## [Saved data entries]
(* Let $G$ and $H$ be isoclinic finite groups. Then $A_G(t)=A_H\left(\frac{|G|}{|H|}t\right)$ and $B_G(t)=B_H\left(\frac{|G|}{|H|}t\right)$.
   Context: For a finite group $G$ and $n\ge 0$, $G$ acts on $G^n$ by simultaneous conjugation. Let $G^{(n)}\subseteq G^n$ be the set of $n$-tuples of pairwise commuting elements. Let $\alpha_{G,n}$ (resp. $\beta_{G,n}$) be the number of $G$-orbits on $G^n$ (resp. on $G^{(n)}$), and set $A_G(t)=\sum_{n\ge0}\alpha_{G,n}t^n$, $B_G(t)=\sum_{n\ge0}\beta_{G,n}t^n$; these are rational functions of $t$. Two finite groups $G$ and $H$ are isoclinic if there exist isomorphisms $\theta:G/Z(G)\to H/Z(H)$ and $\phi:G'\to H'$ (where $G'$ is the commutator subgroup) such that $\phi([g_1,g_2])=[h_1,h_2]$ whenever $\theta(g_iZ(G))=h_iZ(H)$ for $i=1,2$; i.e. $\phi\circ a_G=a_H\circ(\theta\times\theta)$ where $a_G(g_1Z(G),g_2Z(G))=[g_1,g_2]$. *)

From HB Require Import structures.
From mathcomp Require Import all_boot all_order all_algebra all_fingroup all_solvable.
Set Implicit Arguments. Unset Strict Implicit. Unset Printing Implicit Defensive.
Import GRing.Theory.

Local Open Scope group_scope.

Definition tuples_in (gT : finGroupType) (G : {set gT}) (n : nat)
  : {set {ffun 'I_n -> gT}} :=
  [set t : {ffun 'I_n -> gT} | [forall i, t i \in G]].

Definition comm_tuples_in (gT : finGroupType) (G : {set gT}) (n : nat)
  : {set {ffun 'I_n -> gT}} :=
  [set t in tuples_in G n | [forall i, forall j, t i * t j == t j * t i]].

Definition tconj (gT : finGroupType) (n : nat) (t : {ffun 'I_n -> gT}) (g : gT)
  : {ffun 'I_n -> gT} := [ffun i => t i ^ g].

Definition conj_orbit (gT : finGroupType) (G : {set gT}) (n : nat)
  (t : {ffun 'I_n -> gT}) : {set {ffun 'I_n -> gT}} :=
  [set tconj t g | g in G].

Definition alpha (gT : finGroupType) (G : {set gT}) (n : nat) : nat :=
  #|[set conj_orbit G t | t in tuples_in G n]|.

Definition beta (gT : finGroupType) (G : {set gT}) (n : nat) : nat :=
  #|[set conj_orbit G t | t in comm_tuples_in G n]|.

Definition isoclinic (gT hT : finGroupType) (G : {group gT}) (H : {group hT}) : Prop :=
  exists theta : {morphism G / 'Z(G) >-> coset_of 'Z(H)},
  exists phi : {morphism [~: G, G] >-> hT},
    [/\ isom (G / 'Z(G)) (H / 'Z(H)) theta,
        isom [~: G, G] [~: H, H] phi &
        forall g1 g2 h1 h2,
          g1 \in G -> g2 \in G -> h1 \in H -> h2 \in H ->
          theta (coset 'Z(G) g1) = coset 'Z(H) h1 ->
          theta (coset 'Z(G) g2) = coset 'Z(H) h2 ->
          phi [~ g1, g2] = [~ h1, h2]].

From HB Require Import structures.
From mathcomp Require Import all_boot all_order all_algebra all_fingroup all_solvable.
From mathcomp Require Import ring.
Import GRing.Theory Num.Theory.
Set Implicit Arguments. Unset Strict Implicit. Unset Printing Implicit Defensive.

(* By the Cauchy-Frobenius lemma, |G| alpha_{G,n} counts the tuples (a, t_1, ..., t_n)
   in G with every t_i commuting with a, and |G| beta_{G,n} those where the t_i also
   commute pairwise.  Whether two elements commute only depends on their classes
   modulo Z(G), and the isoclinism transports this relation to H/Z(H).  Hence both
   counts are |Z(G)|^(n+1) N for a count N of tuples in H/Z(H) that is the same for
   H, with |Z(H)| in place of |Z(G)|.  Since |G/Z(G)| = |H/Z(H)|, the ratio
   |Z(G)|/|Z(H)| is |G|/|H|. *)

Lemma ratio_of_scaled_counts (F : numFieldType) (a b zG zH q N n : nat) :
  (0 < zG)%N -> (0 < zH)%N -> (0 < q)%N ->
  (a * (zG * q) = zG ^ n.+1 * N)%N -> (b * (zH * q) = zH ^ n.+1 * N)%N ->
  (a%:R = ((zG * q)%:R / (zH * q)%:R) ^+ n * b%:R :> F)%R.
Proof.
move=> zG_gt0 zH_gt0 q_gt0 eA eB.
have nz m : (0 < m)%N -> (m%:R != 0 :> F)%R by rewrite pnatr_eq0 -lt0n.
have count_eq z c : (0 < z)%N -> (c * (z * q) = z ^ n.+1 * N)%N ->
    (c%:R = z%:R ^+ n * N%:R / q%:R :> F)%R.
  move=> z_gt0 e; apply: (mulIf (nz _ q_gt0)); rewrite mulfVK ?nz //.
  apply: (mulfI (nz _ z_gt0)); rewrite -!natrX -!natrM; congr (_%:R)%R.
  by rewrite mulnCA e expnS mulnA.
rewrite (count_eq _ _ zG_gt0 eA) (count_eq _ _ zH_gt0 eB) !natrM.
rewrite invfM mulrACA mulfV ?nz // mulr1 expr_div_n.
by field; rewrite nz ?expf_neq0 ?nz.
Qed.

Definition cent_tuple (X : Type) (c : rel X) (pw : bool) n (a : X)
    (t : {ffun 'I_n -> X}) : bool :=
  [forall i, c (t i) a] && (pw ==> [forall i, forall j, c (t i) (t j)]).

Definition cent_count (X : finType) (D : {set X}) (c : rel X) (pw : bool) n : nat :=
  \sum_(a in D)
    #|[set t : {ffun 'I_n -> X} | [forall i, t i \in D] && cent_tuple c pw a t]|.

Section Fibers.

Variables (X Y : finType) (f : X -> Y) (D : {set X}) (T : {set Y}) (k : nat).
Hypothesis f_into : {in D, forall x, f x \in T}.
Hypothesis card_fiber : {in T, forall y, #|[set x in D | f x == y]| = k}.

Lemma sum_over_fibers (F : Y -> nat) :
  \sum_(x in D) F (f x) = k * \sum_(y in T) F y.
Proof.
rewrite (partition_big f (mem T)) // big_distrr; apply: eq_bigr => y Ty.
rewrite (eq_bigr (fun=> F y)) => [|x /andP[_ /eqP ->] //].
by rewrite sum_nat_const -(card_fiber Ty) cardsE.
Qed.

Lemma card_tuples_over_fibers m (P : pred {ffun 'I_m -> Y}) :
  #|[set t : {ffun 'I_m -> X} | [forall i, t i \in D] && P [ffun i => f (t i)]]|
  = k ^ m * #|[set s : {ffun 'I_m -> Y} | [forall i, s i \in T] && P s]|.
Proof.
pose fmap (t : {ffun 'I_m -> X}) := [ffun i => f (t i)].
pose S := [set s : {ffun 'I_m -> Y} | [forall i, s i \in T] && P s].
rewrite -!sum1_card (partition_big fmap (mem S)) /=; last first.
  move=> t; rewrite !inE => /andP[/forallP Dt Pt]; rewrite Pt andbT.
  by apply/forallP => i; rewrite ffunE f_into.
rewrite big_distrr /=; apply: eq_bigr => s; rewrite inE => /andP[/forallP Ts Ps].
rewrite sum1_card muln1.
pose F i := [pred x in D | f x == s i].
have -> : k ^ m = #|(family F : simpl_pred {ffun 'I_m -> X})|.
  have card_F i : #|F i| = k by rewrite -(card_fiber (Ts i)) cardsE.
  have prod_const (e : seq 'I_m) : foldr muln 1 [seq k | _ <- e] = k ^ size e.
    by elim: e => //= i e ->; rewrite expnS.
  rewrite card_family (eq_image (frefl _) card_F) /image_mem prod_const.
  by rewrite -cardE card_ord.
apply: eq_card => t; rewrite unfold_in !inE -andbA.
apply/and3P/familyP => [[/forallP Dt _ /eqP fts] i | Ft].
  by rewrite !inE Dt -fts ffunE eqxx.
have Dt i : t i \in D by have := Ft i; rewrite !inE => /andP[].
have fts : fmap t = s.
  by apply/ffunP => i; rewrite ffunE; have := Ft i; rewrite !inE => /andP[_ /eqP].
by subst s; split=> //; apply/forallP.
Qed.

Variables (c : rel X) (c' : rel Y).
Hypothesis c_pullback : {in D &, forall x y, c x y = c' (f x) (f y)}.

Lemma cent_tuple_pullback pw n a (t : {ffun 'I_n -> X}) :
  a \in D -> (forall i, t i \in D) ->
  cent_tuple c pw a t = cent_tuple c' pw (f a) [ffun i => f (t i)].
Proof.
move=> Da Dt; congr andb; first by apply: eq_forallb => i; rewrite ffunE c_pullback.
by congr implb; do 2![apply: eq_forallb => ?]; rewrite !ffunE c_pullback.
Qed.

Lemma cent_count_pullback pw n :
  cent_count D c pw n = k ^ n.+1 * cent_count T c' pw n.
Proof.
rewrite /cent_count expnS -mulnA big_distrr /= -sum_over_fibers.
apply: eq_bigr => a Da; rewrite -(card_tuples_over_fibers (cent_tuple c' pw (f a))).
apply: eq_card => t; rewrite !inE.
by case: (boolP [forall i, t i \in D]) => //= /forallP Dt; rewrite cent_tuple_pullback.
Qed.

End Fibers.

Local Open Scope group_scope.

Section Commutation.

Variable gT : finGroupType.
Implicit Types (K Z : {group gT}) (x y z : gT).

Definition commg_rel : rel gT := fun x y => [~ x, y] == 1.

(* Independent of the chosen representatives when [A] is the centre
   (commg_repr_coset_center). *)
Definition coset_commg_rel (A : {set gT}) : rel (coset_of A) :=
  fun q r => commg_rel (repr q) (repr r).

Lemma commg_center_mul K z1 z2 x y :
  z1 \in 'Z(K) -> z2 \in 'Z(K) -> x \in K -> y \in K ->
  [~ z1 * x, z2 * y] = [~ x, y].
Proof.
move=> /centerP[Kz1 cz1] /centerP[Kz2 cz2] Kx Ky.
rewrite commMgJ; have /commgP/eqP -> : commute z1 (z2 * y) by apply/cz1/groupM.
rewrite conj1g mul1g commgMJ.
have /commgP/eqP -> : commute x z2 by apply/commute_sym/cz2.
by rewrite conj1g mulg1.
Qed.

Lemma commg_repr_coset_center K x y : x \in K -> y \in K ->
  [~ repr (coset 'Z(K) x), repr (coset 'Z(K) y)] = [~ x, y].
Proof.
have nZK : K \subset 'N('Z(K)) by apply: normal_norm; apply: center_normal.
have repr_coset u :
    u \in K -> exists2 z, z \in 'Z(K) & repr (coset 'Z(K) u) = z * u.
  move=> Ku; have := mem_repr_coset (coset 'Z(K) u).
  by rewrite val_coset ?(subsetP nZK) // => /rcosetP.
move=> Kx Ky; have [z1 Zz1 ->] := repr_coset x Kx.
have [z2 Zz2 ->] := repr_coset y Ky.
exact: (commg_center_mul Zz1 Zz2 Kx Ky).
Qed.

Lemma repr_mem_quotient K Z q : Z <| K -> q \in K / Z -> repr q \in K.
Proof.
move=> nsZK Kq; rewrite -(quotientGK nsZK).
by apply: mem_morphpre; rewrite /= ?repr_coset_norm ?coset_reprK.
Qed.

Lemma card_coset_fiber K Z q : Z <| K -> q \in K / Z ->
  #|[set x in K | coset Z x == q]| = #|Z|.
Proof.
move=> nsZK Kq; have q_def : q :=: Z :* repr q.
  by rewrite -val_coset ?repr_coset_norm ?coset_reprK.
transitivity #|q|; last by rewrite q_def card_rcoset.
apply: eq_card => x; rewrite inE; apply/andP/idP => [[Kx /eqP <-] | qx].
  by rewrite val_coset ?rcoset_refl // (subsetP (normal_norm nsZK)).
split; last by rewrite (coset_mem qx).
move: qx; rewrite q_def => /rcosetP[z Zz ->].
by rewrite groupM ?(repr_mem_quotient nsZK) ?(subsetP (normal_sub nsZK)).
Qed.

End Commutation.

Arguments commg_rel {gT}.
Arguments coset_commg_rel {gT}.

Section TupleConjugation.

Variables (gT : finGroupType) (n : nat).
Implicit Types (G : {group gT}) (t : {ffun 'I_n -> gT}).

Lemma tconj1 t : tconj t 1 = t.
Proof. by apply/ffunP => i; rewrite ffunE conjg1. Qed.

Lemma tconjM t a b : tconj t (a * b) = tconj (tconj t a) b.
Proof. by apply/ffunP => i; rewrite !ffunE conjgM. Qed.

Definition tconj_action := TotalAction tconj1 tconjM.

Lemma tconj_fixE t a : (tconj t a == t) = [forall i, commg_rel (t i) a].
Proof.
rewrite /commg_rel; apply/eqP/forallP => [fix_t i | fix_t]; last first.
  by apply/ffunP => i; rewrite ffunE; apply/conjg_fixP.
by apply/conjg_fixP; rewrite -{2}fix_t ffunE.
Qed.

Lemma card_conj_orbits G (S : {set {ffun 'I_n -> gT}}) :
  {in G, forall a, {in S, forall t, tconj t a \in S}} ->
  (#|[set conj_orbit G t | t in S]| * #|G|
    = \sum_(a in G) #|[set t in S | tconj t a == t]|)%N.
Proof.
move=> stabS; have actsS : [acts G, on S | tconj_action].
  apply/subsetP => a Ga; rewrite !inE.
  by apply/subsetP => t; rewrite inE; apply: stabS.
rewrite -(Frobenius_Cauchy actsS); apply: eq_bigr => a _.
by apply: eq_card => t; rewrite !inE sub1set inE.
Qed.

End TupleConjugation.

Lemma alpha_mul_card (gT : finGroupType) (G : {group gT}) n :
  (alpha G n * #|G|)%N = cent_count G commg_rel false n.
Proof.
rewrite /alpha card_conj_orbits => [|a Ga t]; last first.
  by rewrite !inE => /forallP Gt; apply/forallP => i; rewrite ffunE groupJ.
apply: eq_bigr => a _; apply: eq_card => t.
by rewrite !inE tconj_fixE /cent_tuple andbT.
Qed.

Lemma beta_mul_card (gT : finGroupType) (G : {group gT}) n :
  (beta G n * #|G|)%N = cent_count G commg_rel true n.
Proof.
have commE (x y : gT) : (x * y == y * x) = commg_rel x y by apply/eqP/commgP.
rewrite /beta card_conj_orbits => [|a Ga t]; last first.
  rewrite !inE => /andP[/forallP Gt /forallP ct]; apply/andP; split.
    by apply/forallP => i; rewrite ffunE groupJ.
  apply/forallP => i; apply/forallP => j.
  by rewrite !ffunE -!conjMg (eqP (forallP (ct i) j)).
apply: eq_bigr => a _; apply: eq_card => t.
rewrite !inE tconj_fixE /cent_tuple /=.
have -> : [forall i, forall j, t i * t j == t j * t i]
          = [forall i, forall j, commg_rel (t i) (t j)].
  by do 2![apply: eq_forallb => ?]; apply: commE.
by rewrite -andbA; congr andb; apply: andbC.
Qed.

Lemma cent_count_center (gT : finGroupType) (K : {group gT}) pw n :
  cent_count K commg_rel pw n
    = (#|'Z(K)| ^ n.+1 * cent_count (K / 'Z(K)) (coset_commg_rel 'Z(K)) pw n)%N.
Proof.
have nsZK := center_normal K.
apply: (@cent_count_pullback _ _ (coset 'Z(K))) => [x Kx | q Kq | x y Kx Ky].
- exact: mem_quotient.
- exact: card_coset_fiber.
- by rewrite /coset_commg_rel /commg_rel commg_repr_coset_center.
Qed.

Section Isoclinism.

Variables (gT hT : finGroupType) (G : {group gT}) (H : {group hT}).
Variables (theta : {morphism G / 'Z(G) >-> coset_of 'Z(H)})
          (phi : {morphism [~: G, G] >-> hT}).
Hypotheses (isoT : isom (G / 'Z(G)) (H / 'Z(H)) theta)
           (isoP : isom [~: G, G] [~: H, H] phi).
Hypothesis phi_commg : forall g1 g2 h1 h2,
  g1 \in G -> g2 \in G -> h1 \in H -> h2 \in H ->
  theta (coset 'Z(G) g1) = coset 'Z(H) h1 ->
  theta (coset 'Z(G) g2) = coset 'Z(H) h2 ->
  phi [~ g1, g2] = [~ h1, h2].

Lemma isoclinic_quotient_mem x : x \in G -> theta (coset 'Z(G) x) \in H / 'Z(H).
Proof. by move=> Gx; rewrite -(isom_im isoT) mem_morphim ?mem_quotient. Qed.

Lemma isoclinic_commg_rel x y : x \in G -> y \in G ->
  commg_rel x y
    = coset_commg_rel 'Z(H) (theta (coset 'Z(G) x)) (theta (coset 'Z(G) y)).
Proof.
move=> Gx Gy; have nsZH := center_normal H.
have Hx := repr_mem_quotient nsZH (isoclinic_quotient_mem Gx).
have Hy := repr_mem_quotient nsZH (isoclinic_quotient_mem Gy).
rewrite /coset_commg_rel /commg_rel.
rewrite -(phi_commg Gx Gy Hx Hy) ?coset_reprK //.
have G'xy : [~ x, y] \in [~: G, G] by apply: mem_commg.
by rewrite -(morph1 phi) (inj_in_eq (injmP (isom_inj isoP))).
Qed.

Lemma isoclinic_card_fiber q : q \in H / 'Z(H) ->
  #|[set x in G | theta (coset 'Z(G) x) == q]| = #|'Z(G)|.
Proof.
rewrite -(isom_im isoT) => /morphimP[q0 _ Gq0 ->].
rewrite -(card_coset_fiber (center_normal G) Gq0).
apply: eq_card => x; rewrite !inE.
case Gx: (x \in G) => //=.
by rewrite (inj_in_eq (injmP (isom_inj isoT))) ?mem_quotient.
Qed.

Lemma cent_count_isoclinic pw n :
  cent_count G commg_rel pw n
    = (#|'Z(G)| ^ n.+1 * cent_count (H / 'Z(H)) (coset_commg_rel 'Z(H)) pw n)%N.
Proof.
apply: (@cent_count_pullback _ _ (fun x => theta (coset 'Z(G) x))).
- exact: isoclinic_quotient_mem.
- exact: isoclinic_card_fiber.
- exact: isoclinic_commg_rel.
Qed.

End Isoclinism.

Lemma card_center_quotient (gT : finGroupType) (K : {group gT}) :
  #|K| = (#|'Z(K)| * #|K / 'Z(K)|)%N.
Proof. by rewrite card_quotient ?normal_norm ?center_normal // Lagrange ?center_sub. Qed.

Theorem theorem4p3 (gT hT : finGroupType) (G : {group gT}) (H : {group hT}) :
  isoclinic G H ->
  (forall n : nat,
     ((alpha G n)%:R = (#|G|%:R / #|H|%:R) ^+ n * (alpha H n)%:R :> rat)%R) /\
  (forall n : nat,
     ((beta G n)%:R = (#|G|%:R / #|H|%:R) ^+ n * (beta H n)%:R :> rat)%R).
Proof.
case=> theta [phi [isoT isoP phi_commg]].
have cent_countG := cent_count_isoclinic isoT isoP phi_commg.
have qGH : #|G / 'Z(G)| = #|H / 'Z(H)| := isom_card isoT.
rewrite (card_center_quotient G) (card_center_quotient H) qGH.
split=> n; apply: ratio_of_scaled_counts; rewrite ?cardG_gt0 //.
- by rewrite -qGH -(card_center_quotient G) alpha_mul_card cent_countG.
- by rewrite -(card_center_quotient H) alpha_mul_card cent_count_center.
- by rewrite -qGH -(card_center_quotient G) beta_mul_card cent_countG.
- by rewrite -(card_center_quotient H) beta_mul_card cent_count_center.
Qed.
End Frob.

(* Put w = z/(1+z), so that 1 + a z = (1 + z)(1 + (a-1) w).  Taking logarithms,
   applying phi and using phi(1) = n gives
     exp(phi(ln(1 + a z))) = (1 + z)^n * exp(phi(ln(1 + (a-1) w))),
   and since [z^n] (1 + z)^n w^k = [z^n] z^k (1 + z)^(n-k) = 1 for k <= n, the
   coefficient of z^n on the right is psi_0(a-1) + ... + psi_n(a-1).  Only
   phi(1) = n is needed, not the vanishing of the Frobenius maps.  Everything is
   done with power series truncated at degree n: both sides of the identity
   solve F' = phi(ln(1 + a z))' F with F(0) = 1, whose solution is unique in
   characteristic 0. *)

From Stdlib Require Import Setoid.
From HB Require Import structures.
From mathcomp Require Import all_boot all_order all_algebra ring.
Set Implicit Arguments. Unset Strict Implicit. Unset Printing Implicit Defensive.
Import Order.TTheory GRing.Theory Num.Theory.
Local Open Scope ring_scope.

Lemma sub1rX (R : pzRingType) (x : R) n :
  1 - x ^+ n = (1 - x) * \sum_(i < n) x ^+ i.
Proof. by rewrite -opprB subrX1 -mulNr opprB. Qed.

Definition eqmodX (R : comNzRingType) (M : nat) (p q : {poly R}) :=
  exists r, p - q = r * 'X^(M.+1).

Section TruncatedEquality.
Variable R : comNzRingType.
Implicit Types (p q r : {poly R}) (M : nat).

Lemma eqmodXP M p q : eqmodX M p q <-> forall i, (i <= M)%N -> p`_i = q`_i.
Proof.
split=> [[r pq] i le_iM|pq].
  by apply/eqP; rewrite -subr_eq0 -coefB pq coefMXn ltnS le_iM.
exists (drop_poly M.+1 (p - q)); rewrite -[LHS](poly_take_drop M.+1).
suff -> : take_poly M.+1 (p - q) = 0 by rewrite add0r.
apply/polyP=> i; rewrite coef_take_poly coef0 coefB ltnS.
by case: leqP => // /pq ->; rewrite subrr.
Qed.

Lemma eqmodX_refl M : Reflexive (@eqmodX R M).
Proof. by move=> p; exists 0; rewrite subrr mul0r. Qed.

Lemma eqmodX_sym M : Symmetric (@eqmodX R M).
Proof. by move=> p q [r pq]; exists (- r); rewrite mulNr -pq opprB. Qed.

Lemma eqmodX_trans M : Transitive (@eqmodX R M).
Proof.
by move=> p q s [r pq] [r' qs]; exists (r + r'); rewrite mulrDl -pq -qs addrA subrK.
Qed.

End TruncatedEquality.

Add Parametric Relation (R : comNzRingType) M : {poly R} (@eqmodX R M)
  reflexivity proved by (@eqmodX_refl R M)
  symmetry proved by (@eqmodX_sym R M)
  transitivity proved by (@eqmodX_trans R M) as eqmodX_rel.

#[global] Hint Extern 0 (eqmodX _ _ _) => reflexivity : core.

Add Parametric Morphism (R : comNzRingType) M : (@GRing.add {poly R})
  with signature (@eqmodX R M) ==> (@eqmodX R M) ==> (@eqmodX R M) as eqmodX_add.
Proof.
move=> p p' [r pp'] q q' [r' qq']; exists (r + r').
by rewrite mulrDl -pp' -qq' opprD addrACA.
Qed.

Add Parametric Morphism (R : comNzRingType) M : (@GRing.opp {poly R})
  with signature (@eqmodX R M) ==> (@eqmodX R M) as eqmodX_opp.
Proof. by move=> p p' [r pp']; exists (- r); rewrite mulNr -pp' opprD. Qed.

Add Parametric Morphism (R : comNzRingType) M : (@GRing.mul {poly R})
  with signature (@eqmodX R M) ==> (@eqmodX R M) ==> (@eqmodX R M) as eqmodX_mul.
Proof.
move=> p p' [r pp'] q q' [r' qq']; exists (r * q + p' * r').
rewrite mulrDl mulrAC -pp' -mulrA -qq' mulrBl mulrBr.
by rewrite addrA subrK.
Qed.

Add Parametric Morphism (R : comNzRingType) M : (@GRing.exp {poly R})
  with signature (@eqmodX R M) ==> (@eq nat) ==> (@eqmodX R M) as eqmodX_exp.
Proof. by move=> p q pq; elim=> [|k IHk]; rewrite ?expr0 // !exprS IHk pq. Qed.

## [Task prompt]
Copy out every line in the records where the word "first" is found.

## [Task response]
rewrite -!sum1_card (partition_big fmap (mem S)) /=; last first.
move=> Da Dt; congr andb; first by apply: eq_forallb => i; rewrite ffunE c_pullback.
rewrite /commg_rel; apply/eqP/forallP => [fix_t i | fix_t]; last first.
rewrite /alpha card_conj_orbits => [|a Ga t]; last first.
rewrite /beta card_conj_orbits => [|a Ga t]; last first.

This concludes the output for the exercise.